EXERCISE DATA:
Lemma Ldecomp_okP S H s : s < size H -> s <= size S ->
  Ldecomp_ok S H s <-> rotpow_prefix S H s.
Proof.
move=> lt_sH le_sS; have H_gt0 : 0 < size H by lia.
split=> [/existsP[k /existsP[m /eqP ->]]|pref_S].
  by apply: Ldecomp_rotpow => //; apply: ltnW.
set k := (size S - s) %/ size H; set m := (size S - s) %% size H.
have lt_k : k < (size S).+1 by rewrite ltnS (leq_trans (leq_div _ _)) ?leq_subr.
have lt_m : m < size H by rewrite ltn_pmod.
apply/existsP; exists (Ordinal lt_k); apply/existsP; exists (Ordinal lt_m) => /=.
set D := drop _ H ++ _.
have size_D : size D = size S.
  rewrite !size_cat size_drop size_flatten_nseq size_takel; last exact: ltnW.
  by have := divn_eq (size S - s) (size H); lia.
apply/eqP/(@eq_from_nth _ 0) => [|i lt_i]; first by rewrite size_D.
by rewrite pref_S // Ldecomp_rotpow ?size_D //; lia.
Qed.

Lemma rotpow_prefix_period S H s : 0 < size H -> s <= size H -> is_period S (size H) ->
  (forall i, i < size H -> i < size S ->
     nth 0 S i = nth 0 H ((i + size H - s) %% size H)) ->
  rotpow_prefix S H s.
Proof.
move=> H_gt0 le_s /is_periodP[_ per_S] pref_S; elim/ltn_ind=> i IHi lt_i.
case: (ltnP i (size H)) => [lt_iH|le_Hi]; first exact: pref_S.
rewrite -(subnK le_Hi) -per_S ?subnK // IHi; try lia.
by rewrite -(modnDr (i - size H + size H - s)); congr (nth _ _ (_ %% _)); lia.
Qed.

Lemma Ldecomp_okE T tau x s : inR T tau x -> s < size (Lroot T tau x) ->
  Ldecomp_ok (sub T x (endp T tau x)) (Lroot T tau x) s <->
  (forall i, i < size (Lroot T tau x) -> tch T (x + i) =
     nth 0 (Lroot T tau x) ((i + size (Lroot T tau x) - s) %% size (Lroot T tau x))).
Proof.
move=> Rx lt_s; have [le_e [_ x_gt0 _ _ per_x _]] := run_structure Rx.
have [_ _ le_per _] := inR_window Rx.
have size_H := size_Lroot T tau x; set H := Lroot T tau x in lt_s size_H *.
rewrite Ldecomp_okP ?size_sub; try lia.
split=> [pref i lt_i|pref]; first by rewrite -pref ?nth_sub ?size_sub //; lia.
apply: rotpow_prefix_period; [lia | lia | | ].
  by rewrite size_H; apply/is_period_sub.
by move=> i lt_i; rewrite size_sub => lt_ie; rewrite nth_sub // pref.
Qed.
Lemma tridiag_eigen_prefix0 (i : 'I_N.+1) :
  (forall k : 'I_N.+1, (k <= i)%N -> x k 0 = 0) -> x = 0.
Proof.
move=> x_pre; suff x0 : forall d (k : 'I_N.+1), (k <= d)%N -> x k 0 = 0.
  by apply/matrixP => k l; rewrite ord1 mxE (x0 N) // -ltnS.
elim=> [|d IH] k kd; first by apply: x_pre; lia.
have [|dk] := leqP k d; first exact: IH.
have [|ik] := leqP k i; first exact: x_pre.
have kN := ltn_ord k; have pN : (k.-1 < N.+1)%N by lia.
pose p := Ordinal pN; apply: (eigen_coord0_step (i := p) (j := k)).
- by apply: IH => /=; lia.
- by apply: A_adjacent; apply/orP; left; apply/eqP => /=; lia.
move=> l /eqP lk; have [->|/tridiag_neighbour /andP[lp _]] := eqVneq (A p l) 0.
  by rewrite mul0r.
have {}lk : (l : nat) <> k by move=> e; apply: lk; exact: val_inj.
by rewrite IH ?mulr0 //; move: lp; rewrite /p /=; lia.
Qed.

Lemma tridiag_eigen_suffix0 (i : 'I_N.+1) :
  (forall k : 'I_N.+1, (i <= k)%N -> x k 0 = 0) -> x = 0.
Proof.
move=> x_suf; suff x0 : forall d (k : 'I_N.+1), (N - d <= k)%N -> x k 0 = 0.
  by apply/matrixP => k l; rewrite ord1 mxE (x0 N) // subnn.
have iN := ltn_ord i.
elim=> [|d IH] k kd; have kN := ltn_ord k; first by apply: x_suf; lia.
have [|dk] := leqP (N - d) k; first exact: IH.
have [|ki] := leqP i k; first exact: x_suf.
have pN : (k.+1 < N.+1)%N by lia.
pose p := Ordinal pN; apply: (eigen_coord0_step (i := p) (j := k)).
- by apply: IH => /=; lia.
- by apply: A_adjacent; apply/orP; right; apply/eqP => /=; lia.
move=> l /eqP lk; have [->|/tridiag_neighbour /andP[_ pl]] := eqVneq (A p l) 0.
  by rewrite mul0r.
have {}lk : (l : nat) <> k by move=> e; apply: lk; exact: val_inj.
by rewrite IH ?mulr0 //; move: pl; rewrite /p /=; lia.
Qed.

...

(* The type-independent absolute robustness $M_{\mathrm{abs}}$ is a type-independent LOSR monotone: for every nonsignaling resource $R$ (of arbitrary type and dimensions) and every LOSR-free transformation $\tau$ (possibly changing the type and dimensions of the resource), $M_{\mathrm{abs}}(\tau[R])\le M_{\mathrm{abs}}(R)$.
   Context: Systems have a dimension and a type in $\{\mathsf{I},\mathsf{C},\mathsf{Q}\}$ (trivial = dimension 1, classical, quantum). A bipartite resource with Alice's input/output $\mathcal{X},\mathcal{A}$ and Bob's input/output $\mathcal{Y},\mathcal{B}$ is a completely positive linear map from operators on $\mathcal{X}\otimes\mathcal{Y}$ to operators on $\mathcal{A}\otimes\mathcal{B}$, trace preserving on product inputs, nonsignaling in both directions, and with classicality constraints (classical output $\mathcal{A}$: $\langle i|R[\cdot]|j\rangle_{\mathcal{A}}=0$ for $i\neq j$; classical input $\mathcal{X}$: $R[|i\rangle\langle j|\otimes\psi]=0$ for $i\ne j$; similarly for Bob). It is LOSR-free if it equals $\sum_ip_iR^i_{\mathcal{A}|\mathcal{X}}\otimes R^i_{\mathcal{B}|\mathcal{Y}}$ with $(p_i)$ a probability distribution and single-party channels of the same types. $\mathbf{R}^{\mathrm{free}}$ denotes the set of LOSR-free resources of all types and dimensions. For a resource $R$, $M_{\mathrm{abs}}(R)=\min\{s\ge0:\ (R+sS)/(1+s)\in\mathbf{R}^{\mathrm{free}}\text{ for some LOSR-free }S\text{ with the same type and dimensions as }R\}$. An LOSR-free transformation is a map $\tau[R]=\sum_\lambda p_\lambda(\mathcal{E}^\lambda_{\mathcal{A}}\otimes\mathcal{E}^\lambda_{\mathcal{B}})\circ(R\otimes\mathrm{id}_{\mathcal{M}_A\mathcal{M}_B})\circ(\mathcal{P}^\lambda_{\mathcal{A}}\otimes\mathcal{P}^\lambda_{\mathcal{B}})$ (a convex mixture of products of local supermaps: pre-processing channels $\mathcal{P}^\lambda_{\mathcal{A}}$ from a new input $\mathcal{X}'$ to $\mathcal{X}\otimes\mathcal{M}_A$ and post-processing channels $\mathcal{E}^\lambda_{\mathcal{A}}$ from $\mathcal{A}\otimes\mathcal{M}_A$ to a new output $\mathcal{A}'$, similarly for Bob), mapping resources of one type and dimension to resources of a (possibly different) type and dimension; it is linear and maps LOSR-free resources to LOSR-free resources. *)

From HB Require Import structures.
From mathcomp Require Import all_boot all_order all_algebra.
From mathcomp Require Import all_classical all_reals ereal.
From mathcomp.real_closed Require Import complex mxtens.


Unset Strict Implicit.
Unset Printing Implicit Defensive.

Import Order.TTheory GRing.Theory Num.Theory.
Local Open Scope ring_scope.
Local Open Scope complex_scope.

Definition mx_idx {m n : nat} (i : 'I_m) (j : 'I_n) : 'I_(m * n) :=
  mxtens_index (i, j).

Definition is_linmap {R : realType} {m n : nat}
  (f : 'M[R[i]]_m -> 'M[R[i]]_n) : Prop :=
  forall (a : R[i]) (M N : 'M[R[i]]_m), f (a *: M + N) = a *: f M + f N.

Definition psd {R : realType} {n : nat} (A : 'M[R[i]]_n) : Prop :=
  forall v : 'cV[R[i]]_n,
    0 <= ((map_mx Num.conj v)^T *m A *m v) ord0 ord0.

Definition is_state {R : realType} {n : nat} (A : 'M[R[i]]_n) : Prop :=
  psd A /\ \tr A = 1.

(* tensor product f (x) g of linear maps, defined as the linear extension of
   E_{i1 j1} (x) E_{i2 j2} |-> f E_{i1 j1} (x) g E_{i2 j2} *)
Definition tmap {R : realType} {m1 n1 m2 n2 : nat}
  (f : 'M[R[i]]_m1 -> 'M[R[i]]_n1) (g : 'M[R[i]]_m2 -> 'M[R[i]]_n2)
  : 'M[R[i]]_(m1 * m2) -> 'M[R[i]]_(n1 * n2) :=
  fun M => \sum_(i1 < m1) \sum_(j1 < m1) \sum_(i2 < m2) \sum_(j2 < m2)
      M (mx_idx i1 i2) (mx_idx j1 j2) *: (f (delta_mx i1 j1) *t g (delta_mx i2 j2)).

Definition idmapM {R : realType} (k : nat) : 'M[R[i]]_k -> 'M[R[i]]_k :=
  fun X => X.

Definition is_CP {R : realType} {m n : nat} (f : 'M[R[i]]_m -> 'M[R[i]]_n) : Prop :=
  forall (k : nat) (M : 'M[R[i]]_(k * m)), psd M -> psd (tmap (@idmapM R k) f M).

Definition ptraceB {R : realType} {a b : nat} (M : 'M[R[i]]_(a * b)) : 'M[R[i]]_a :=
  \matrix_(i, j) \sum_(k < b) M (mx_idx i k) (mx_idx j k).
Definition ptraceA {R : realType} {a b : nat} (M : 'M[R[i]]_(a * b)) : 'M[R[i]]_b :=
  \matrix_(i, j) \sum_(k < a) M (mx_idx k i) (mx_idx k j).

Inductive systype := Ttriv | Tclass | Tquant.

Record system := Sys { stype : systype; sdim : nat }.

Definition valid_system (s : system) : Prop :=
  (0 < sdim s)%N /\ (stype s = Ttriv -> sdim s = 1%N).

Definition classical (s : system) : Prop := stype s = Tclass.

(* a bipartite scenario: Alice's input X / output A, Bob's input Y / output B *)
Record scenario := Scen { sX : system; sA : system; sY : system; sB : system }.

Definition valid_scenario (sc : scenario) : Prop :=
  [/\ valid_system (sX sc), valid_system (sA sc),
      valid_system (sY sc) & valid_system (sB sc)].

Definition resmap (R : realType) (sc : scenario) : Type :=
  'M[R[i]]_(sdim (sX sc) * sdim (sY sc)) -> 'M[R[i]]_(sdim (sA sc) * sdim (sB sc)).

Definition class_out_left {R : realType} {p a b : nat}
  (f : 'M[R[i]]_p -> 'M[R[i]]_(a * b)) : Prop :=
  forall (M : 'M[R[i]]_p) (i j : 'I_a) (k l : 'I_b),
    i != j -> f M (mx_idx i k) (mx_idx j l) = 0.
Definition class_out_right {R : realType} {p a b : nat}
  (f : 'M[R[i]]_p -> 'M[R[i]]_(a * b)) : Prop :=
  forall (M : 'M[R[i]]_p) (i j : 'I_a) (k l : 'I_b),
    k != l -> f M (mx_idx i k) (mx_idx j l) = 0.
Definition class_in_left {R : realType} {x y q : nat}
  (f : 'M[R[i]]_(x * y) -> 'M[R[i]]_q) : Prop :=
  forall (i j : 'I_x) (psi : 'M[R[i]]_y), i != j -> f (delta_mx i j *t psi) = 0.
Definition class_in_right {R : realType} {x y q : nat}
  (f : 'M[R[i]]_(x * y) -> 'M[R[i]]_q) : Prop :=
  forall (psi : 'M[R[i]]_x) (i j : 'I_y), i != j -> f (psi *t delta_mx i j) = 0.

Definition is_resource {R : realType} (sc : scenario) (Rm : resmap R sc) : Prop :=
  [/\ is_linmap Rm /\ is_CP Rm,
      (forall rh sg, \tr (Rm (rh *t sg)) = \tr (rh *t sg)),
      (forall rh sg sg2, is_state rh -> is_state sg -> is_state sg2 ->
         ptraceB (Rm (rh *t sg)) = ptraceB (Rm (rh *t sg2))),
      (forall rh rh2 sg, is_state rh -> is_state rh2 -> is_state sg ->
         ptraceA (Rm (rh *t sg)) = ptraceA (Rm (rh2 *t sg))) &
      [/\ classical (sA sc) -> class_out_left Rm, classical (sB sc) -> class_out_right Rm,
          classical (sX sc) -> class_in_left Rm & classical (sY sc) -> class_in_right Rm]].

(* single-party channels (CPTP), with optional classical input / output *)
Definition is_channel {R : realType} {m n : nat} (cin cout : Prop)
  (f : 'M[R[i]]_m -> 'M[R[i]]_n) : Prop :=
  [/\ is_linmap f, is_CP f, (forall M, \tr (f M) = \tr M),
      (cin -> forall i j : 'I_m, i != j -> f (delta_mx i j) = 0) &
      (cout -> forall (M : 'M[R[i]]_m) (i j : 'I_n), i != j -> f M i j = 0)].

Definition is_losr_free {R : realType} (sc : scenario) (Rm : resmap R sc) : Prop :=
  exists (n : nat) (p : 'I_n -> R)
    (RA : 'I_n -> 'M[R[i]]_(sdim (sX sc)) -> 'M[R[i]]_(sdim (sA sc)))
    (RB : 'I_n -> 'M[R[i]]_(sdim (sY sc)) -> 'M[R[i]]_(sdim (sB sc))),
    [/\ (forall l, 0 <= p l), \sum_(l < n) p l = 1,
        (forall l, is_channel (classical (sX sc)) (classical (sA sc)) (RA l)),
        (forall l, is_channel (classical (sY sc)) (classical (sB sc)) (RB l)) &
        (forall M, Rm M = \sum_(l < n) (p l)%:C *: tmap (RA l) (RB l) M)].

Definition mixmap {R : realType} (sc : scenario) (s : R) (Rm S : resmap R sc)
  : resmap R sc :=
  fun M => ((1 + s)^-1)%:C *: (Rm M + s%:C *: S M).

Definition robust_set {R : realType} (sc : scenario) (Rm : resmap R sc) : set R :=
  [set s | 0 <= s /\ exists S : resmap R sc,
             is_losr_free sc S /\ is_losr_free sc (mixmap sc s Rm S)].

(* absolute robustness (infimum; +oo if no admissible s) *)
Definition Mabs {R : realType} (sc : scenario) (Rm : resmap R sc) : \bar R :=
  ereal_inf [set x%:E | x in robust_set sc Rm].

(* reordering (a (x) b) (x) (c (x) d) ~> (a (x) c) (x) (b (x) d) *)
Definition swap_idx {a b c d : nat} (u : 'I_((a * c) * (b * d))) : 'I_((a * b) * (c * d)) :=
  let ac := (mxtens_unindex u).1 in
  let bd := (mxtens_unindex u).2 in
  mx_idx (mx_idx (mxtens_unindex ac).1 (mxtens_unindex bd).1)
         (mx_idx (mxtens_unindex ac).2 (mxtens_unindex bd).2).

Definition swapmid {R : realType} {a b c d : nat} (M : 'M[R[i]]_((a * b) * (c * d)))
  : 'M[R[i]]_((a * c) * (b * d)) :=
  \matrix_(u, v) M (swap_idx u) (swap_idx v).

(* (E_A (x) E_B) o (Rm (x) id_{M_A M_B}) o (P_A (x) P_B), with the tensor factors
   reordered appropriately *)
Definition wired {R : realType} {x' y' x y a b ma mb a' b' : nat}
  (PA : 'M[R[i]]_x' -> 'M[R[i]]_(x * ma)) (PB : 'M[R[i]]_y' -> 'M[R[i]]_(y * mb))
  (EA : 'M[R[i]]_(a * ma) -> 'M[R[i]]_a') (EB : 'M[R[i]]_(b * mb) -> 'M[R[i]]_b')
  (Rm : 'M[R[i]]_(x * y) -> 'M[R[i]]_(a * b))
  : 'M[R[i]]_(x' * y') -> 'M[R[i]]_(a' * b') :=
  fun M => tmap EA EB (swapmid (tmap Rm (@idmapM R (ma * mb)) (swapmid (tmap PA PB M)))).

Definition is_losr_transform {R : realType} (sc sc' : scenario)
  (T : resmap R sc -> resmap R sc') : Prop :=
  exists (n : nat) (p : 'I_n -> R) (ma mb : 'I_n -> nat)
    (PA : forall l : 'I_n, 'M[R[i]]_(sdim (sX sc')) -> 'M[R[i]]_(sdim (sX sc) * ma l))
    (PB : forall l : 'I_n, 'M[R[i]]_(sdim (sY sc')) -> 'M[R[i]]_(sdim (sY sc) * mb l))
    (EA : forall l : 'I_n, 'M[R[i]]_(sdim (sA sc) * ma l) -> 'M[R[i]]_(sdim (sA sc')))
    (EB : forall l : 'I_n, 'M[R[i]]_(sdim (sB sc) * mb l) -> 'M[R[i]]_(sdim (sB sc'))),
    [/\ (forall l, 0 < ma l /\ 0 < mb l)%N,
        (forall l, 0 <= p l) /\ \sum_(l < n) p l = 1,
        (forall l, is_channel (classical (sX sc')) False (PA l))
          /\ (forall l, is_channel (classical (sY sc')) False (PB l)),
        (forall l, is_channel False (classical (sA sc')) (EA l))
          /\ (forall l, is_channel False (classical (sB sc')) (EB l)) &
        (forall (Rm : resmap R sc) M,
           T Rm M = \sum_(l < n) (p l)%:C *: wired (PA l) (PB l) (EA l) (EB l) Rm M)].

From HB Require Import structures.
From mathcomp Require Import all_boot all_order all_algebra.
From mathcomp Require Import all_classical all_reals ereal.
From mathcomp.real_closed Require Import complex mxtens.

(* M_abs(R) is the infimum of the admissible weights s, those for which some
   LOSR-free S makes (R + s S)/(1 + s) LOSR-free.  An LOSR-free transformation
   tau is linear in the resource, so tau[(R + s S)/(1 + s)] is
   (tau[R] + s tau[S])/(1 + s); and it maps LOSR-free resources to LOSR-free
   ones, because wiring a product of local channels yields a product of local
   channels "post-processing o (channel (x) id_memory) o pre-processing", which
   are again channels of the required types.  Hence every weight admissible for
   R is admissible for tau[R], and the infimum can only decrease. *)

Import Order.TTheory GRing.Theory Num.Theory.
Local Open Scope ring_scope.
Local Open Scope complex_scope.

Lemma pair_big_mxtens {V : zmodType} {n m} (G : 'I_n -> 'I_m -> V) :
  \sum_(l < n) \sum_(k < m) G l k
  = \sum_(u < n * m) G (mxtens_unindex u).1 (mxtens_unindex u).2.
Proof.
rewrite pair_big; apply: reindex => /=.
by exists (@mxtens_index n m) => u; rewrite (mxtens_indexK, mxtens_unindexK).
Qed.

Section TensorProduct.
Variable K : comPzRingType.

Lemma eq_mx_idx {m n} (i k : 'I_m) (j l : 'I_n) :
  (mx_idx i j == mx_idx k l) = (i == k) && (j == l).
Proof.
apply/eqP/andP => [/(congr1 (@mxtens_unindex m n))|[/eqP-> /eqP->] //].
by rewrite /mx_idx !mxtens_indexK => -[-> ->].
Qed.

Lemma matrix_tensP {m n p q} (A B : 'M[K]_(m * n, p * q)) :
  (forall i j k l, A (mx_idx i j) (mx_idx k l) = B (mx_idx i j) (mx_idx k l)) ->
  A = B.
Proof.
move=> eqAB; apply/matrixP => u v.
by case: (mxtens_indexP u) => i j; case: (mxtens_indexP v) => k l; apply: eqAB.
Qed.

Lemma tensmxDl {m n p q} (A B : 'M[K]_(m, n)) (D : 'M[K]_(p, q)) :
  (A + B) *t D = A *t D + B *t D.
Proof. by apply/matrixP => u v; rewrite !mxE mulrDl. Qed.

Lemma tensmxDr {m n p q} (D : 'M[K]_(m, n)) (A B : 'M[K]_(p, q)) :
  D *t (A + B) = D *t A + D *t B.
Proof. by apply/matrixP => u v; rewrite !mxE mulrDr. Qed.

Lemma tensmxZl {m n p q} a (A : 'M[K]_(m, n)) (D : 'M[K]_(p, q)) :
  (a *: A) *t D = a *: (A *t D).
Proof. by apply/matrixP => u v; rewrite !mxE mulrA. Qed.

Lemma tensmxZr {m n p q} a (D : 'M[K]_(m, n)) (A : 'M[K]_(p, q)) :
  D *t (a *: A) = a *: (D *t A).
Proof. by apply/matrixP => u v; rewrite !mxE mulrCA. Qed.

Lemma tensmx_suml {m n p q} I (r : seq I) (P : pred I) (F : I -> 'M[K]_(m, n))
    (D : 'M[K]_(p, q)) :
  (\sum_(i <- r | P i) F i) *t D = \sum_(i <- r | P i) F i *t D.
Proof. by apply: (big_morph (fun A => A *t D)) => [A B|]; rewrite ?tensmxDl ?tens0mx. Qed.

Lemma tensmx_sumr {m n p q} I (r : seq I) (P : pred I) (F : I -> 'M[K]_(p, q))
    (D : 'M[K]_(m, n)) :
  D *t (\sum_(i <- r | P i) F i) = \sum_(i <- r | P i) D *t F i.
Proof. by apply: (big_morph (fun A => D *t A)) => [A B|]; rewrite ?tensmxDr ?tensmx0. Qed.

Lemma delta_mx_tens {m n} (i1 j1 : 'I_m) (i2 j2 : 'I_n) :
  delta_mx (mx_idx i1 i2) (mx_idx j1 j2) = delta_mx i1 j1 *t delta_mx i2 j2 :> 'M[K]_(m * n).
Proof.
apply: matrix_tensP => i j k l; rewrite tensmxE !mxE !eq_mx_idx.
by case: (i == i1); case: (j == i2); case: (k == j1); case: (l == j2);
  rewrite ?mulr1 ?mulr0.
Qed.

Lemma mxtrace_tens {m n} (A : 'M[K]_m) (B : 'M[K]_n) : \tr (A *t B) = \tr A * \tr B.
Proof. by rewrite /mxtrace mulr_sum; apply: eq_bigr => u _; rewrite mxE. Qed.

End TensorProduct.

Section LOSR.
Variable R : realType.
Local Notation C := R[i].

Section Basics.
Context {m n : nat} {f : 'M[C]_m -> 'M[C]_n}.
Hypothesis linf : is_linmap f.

DIRECTIONS:
The response should be the listing above, limited to the lines between the one holding "(forall M, Rm" and the one holding "R sc) : set", inclusive, reproduced exactly.

COMPLETED EXERCISE:
        (forall M, Rm M = \sum_(l < n) (p l)%:C *: tmap (RA l) (RB l) M)].

Definition mixmap {R : realType} (sc : scenario) (s : R) (Rm S : resmap R sc)
  : resmap R sc :=
  fun M => ((1 + s)^-1)%:C *: (Rm M + s%:C *: S M).

Definition robust_set {R : realType} (sc : scenario) (Rm : resmap R sc) : set R :=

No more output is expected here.